Fun Fact: The GPU That Forgot to Idle

One of the most common bills-of-shame in LLM ops is a Kubernetes deployment scaled to 'min 1, max 10' that quietly stays at 10 forever because the HPA's CPU-based metric never triggers a scale-down on GPU pods (where the bottleneck is VRAM, not CPU). Teams have paid five-figure monthly bills for ghost pods serving zero traffic. The fix is to scale on GPU utilization or queue depth, not CPU. The lesson: autoscaling defaults were written for CPU workloads in 2014, and LLMs are not CPU workloads.

65.5.5 Autoscaling LLM Services

Standard Kubernetes HPA (Horizontal Pod Autoscaler) scales based on CPU or memory utilization. For LLM serving, these metrics are poor proxies for load because GPU utilization and request queue depth are the actual bottlenecks. Effective LLM autoscaling requires custom metrics and strategies tailored to inference workload patterns.

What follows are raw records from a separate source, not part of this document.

Lemma no_insurance_Vins_eq0 : IC tl th Lb g F Rs ps ->
  (forall theta l, Th theta -> 0 <= l <= Lb -> derive1 (Rs theta) l = 1) ->
  forall theta, Th theta -> Vins Lb gIn F theta (Rs theta) (ps theta) = 0.
Proof.
move=> IC_Rs_ps R'1; have Ttl := Theta_tl.
have Uag_eq t t' : Th t -> Th t' ->
    Uag Lb g F t (Rs t') (ps t') = - ps t' + Unone Lb g F t.
  move=> Tt Tt'; rewrite /Uag /Unone; congr (_ - _).
  by apply: eq_Rintegral => l; rewrite inE /= in_itv /= => hl; rewrite R'1 ?mulr1.
have V_eq t : Th t -> Vins Lb gIn F t (Rs t) (ps t) = ps t.
  move=> Tt; rewrite /Vins -[RHS]subr0; congr (_ - _); apply: Rintegral0_eq => l.
  by rewrite /= in_itv /= => hl; rewrite R'1 ?subrr ?mulr0.
have ps_le t t' : Th t -> Th t' -> ps t <= ps t'.
  by move=> Tt Tt'; have := IC_Rs_ps t t' Tt Tt'; rewrite !Uag_eq //; lra.
have ps_le0 t : Th t -> ps t <= 0.
  by move=> Tt; have [/(_ t Tt)] := IR_Rs_ps; rewrite Uag_eq //; lra.
have ps_tl_ge0 : 0 <= ps tl.
  suff <- : \int[mu]_(t in Th) Vins Lb gIn F t (Rs t) (ps t) = ps tl.
    exact: Vins_Rintegral_ge0.
  rewrite -[RHS]Rintegral_Theta_cst; apply: eq_Rintegral => t /[!inE] Tt.
  by rewrite V_eq //; apply/le_anti; rewrite !ps_le.
move=> t Tt; rewrite V_eq //; apply/le_anti.
by rewrite ps_le0 // (le_trans ps_tl_ge0) // ps_le.
Qed.

(* [rent theta] stands for the double integral over [[tl, theta]] in the
   premium formula; only [rent tl = 0] and its vanishing under full insurance
   are used. *)
Section premium_schedule.
Context {rent : R -> R}.
Hypothesis premium : forall theta, Th theta ->
  ps theta = intL Lb (fun l => 1 - g tl (F tl l)) - rent theta
             - intL Lb (fun l => (1 - g theta (F theta l)) * derive1 (Rs theta) l).

Lemma Uag_premium t : Th t ->
  Uag Lb g F t (Rs t) (ps t) = rent t - intL Lb (fun l => 1 - g tl (F tl l)).
Proof. by move=> Tt; rewrite /Uag premium //; lra. Qed.

Hypothesis F_lipschitz : exists K : R, forall l theta theta', Th theta -> Th theta' ->
  `|F theta l - F theta' l| <= K * `|theta - theta'|.
Hypothesis F_derivable : forall l theta, tl < theta < th ->
  derivable (fun s => F s l) theta 1.
Hypothesis F_derive_le0 : forall l theta, tl < theta < th ->
  derive1 (fun s => F s l) theta <= 0.

Lemma Fdist_nonincreasing_type l :
  {in `[tl, th] &, {homo (fun s => F s l) : x y /~ x <= y}}.
Proof.
apply: ler0_derive1_le_cc => [x|x|].
- by rewrite in_itv /=; exact: F_derivable.
- by rewrite in_itv /=; exact: F_derive_le0.
have [K FK] := F_lipschitz; apply: (@lipschitz_within_continuous _ _ K) => x y Tx Ty.
exact: FK.
Qed.

Lemma integrable_intL_gIn :
  mu.-integrable Th (EFin \o fun t => intL Lb (fun l => gIn (F t l))).
Proof.
have [_ [_ [_ gIn_nd]]] := gIn_distortion.
apply: measurable_bounded_integrable => //; first by rewrite ltey_eq fin_num_measure.
  apply: measurable_fun_itv_nonincreasing => t1 t2 T1 T2 t12.
  apply: le_Rintegral => //; try exact: integrable_distortion_Fdist.
  move=> l _; have /andP[? ?] := Fdist_Theta_ge0_le1 l T1.
  have /andP[? ?] := Fdist_Theta_ge0_le1 l T2.
  by apply: gIn_nd => //; exact: Fdist_nonincreasing_type.
exists (intL Lb (fun=> 1)); split; first exact: num_real.
move=> M /ltW + t Tt; apply: le_trans.
rewrite ger0_norm; last first.
  apply: Rintegral_ge0 => l _.
  by have /andP[] := distortion_Fdist_ge0_le1 l gIn_distortion Tt.
apply: le_Rintegral => //; first exact: integrable_distortion_Fdist.
  by apply: (intL_integrable _ 1) => [|l _]; [exact: measurable_cst|rewrite normr1].
by move=> l _; have /andP[] := distortion_Fdist_ge0_le1 l gIn_distortion Tt.
Qed.
Lemma absc_infinitesimal_eq0 (z : C) : (forall eps : R, 0 < eps -> absc z < eps) -> z = 0.
Proof.
move=> h; apply: absc_eq0; apply/le_anti; rewrite absc_ge0 andbT.
by apply/ler_addgt0Pr => e e0; rewrite add0r ltW ?h.
Qed.

Lemma cvgC_le (u : nat -> C) l w (B : R) N : cvgC u l ->
  (forall n, (N <= n)%N -> absc (u n - w) <= B) -> absc (l - w) <= B.
Proof.
move=> ul uB; apply/ler_addgt0Pr => e e0.
have [N1 h1] := ul e e0; pose n := maxn N N1.
have := uB n (leq_maxl _ _); have := h1 n (leq_maxr _ _).
have := ler_abscD (l - u n) (u n - w); rewrite absc_distC addrA subrK; lra.
Qed.

Lemma cvgC_unique (u : nat -> C) l1 l2 : cvgC u l1 -> cvgC u l2 -> l1 = l2.
Proof.
move=> h1 h2; apply/eqP; rewrite -subr_eq0; apply/eqP.
apply: absc_infinitesimal_eq0 => e e0.
have e2 : 0 < e / 2%:R by rewrite divr_gt0.
have [N1 g1] := h1 _ e2; have [N2 g2] := h2 _ e2; pose n := maxn N1 N2.
have := g1 n (leq_maxl _ _); have := g2 n (leq_maxr _ _).
have := ler_abscD (l1 - u n) (u n - l2); rewrite absc_distC addrA subrK; lra.
Qed.

Lemma cvgC_lin (u v : nat -> C) lu lv (c : C) : cvgC u lu -> cvgC v lv ->
  cvgC (fun n => c * u n + v n) (c * lu + lv).
Proof.
move=> hu hv e e0.
have k0 : 0 < absc c + 1 by have := absc_ge0 c; lra.
have e2 : 0 < e / 2%:R by rewrite divr_gt0.
have [N1 g1] := hu _ (divr_gt0 e2 k0); have [N2 g2] := hv _ e2.
exists (maxn N1 N2) => n hn.
have h1 := g1 n (leq_trans (leq_maxl _ _) hn).
have h2 := g2 n (leq_trans (leq_maxr _ _) hn).
have -> : c * u n + v n - (c * lu + lv) = c * (u n - lu) + (v n - lv) by ring.
apply: le_lt_trans (ler_abscD _ _) _; rewrite abscM.
have : absc c * absc (u n - lu) <= absc c * (e / 2%:R / (absc c + 1)).
  by rewrite ler_wpM2l ?absc_ge0 // ltW.
have : absc c * (e / 2%:R / (absc c + 1)) <= e / 2%:R.
  by rewrite mulrA ler_pdivrMr // [absc c * _]mulrC ler_wpM2l ?ltW //; lra.
lra.
Qed.

End ScalarSequences.

Section WeakContinuity.
Variable R : realType.
Local Notation C := (R[i]).

Definition sigma_cont (A : Type) (P : set (A -> C)) (phi : A -> C) : Prop :=
  forall (a0 : A) (eps : R), 0 < eps ->
    exists (n : nat) (fs : 'I_n -> A -> C) (delta : R),
      [/\ 0 < delta, (forall i, P (fs i)) &
          forall b, (forall i, absc (fs i b - fs i a0) < delta) ->
             absc (phi b - phi a0) < eps].

Lemma wcontP (A B : Type) (P : set (A -> C)) (Q : set (B -> C)) (T : A -> B) :
  wcont P Q T <-> forall g, Q g -> sigma_cont P (fun a => g (T a)).
Proof. by split=> h; [move=> g Qg a0 eps|move=> a g eps Qg]; apply: h. Qed.

Lemma sigma_cont_mem (A : Type) (P : set (A -> C)) f : P f -> sigma_cont P f.
Proof.
by move=> Pf a0 eps e0; exists 1%N, (fun _ => f), eps; split=> // b; apply; exact: ord0.
Qed.

Variables (A : lmodType C) (P : set (A -> C)).
Hypothesis P_linear : forall f, P f -> forall (c : C) x y, f (c *: x + y) = c * f x + f y.
Hypothesis P0 : P (fun _ => 0).
Hypothesis P_lin : forall (c : C) f g, P f -> P g -> P (fun x => c * f x + g x).

Lemma common_kernel_span (n : nat) (fs : 'I_n -> A -> C) (V : A -> Prop) (phi : A -> C) :
  (forall i, P (fs i)) ->
  (forall (c : C) x y, V x -> V y -> V (c *: x + y)) ->
  (forall (c : C) x y, phi (c *: x + y) = c * phi x + phi y) ->
  (forall b, V b -> (forall i, fs i b = 0) -> phi b = 0) ->
  exists2 g, P g & forall b, V b -> phi b = g b.
Proof.
(* Induction on n: drop f := fs ord_max if it vanishes on V, else correct the
   functional given by the induction hypothesis on V /\ ker f by a multiple of f. *)
elim: n fs V => [|n IH] fs V Pfs V_lin phi_lin phi_ker.
  by exists (fun _ => 0) => // b Vb; apply: phi_ker => // -[].
pose f := fs ord_max.
have f_lin (c : C) x y : f (c *: x + y) = c * f x + f y := P_linear (Pfs ord_max) c x y.
have [||||g Pg phi_g] := IH (fun i => fs (lift ord_max i)) (fun b => V b /\ f b = 0) => //.
- move=> c x y [Vx fx] [Vy fy]; split; first exact: V_lin.
  by rewrite f_lin fx fy mulr0 addr0.
- move=> b [Vb fb] h; apply: phi_ker => // i.
  by case: (unliftP ord_max i) => [j ->|->] //; apply: h.
have g_lin := P_linear Pg.
have [[b0 [Vb0 /eqP fb0]]|f_off] := pselect (exists b0, V b0 /\ f b0 <> 0); last first.
  exists g => // b Vb; apply: phi_g; split => //.
  by apply: contrapT => fb; apply: f_off; exists b.
pose k := (phi b0 - g b0) / f b0.
exists (fun x => k * f x + g x); first exact: P_lin (Pfs ord_max) Pg.
move=> b Vb; pose t := f b / f b0.
have : phi ((- t) *: b0 + b) = g ((- t) *: b0 + b).
  apply: phi_g; split; first exact: V_lin.
  by rewrite f_lin /t mulNr -mulrA mulVf // mulr1 addNr.
rewrite phi_lin g_lin => e.
have -> : phi b = (- t * g b0 + g b) + t * phi b0 by rewrite -e; ring.
by rewrite /k /t; field.
Qed.

Lemma sigma_cont_linear_mem (phi : A -> C) :
  (forall (c : C) x y, phi (c *: x + y) = c * phi x + phi y) ->
  sigma_cont P phi -> P phi.
Proof.
move=> phi_lin /(_ 0 1 ltr01) [n [fs [delta [d0 Pfs phi_cont]]]].
have [|||g Pg phi_g] := @common_kernel_span n fs (fun _ => True) phi Pfs => //.
  (* Continuity at 0 gives |phi| < 1 on the common kernel; scaling b forces phi b = 0. *)
  move=> b _ fs_b; apply: contrapT => /eqP phib.
  pose t : C := (2%:R / absc (phi b))%:C.
  have : absc (phi (t *: b + 0) - phi 0) < 1.
    apply: phi_cont => i.
    by rewrite addr0 (scalar_linearZ (P_linear (Pfs i))) fs_b
      (scalar_linear0 (P_linear (Pfs i))) mulr0 subrr absc0.
  rewrite phi_lin (scalar_linear0 phi_lin) !addr0 subr0 abscM /t absc_real.
  rewrite ger0_norm ?divr_ge0 ?absc_ge0 // divfK ?gt_eqF ?absc_gt0 //; lra.
by rewrite (funext (fun b => phi_g b I)).
Qed.

End WeakContinuity.

Section RealHahnBanach.
Variable R : realType.
Local Notation C := (R[i]).
Variables (A : lmodType C) (p : A -> R).
Hypothesis p_homo : forall (s : R) x, 0 < s -> p (s%:C *: x) = s * p x.
Hypothesis p_subadd : forall x y, p (x + y) <= p x + p y.
Variables (S : A -> Prop) (u0 : A -> R).
Hypothesis S_lin : forall (t : R) x y, S x -> S y -> S (t%:C *: x + y).
Hypothesis S0 : S 0.
Hypothesis u0_lin : forall (t : R) x y, S x -> S y -> u0 (t%:C *: x + y) = t * u0 x + u0 y.
Hypothesis u0_le : forall x, S x -> u0 x <= p x.

Definition dominated_extension_graph (G : set (A * R)) : Prop :=
  [/\ (forall x r1 r2, G (x, r1) -> G (x, r2) -> r1 = r2),
      (forall x1 r1 x2 r2 (t : R), G (x1, r1) -> G (x2, r2) ->
          G (t%:C *: x1 + x2, t * r1 + r2)),
      (forall x, S x -> G (x, u0 x))
    & (forall x r, G (x, r) -> r <= p x)].

Definition graph_extend (G : set (A * R)) (x0 : A) (c : R) : set (A * R) :=
  [set w | exists y r (t : R), G (y, r) /\ w = (y + t%:C *: x0, r + t * c)].

Let u0_0 : u0 0 = 0.
Proof.
apply: (@addrI _ (u0 0)); rewrite addr0.
by have := u0_lin 1 S0 S0; rewrite rmorph1 scale1r addr0 mul1r.
Qed.

Section OneStepExtension.
Variables (G : set (A * R)) (x0 : A).
Hypothesis G_ext : dominated_extension_graph G.
Hypothesis x0_notin : forall r, ~ G (x0, r).

Let G_fun : forall x r1 r2, G (x, r1) -> G (x, r2) -> r1 = r2.
Proof. by case: G_ext. Qed.
Let G_lin : forall x1 r1 x2 r2 (t : R), G (x1, r1) -> G (x2, r2) ->
  G (t%:C *: x1 + x2, t * r1 + r2).
Proof. by case: G_ext. Qed.
Let G_le : forall x r, G (x, r) -> r <= p x.
Proof. by case: G_ext. Qed.

Let G00 : G (0, 0).
Proof. by case: G_ext => _ _ GS _; rewrite -u0_0; apply: GS. Qed.

Let G_scale y r (s : R) : G (y, r) -> G (s%:C *: y, s * r).
Proof. by move=> Gy; have := G_lin s Gy G00; rewrite !addr0. Qed.

Lemma extension_constant_exists : exists c : R,
  (forall z r, G (z, r) -> r - p (z - x0) <= c) /\
  (forall z r, G (z, r) -> c <= p (z + x0) - r).
Proof.
pose V := [set v | exists z r, G (z, r) /\ v = r - p (z - x0)].
have V_ub z2 r2 : G (z2, r2) -> forall v, V v -> v <= p (z2 + x0) - r2.
  move=> G2 v [z [r [Gz ->]]].
  have := G_le (G_lin 1 Gz G2); rewrite scale1r mul1r.
  have := p_subadd (z - x0) (z2 + x0).
  rewrite addrACA addNr addr0; lra.
exists (sup V); split => [z r Gz|z r Gz].
- by apply: (bounded_le_sup _ (V_ub _ _ G00)); [exists 0, 0|exists z, r].
- by apply: ge_sup; [exists (0 - p (0 - x0)), 0, 0|exact: V_ub].
Qed.

Variable c : R.
Hypothesis c_lb : forall z r, G (z, r) -> r - p (z - x0) <= c.
Hypothesis c_ub : forall z r, G (z, r) -> c <= p (z + x0) - r.

Lemma graph_extend_functional x r1 r2 :
  graph_extend G x0 c (x, r1) -> graph_extend G x0 c (x, r2) -> r1 = r2.
Proof.
move=> [y1 [s1 [t1 [G1 [ex1 er1]]]]] [y2 [s2 [t2 [G2 [ex2 er2]]]]].
have e12 : y1 + t1%:C *: x0 = y2 + t2%:C *: x0 by rewrite -ex1 -ex2.
have [et|nt] := eqVneq t1 t2.
  move: e12; rewrite -et => /addIr ey; subst y2.
  by rewrite er1 er2 -et (G_fun G1 G2).
case: (@x0_notin ((t1 - t2)^-1 * (s2 - s1))).
have G21 : G (y2 - y1, s2 - s1).
  by have := G_lin (-1) G1 G2; rewrite rmorphN rmorph1 scaleN1r mulN1r addrC [- s1 + _]addrC.
suff -> : x0 = ((t1 - t2)^-1)%:C *: (y2 - y1) by apply: G_scale.
have -> : y2 - y1 = (t1 - t2)%:C *: x0.
  by rewrite rmorphB scalerBl -[t1%:C *: x0](addKr y1) e12 addrA addrK addrC.
by rewrite scalerA -rmorphM mulVf ?rmorph1 ?scale1r // subr_eq0.
Qed.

Under the Hood: Horizontal Pod Autoscaler control loop

The HPA runs a periodic control loop. Each cycle it reads the chosen metric across current pods and computes a desired replica count with the ratio rule $\text{desired} = \lceil \text{current} \times (\text{currentMetric} / \text{targetMetric}) \rceil$. If queue depth averages 10 against a target of 5, it doubles replicas; if it falls to 2.5, it halves them. A tolerance band (default 10 percent) suppresses tiny adjustments, and per-direction stabilization windows damp oscillation by holding the highest recent recommendation before scaling down. For LLM serving the metric is swapped from CPU to a load-faithful signal like vLLM queue depth or TTFT, but the proportional formula driving the replica count is unchanged.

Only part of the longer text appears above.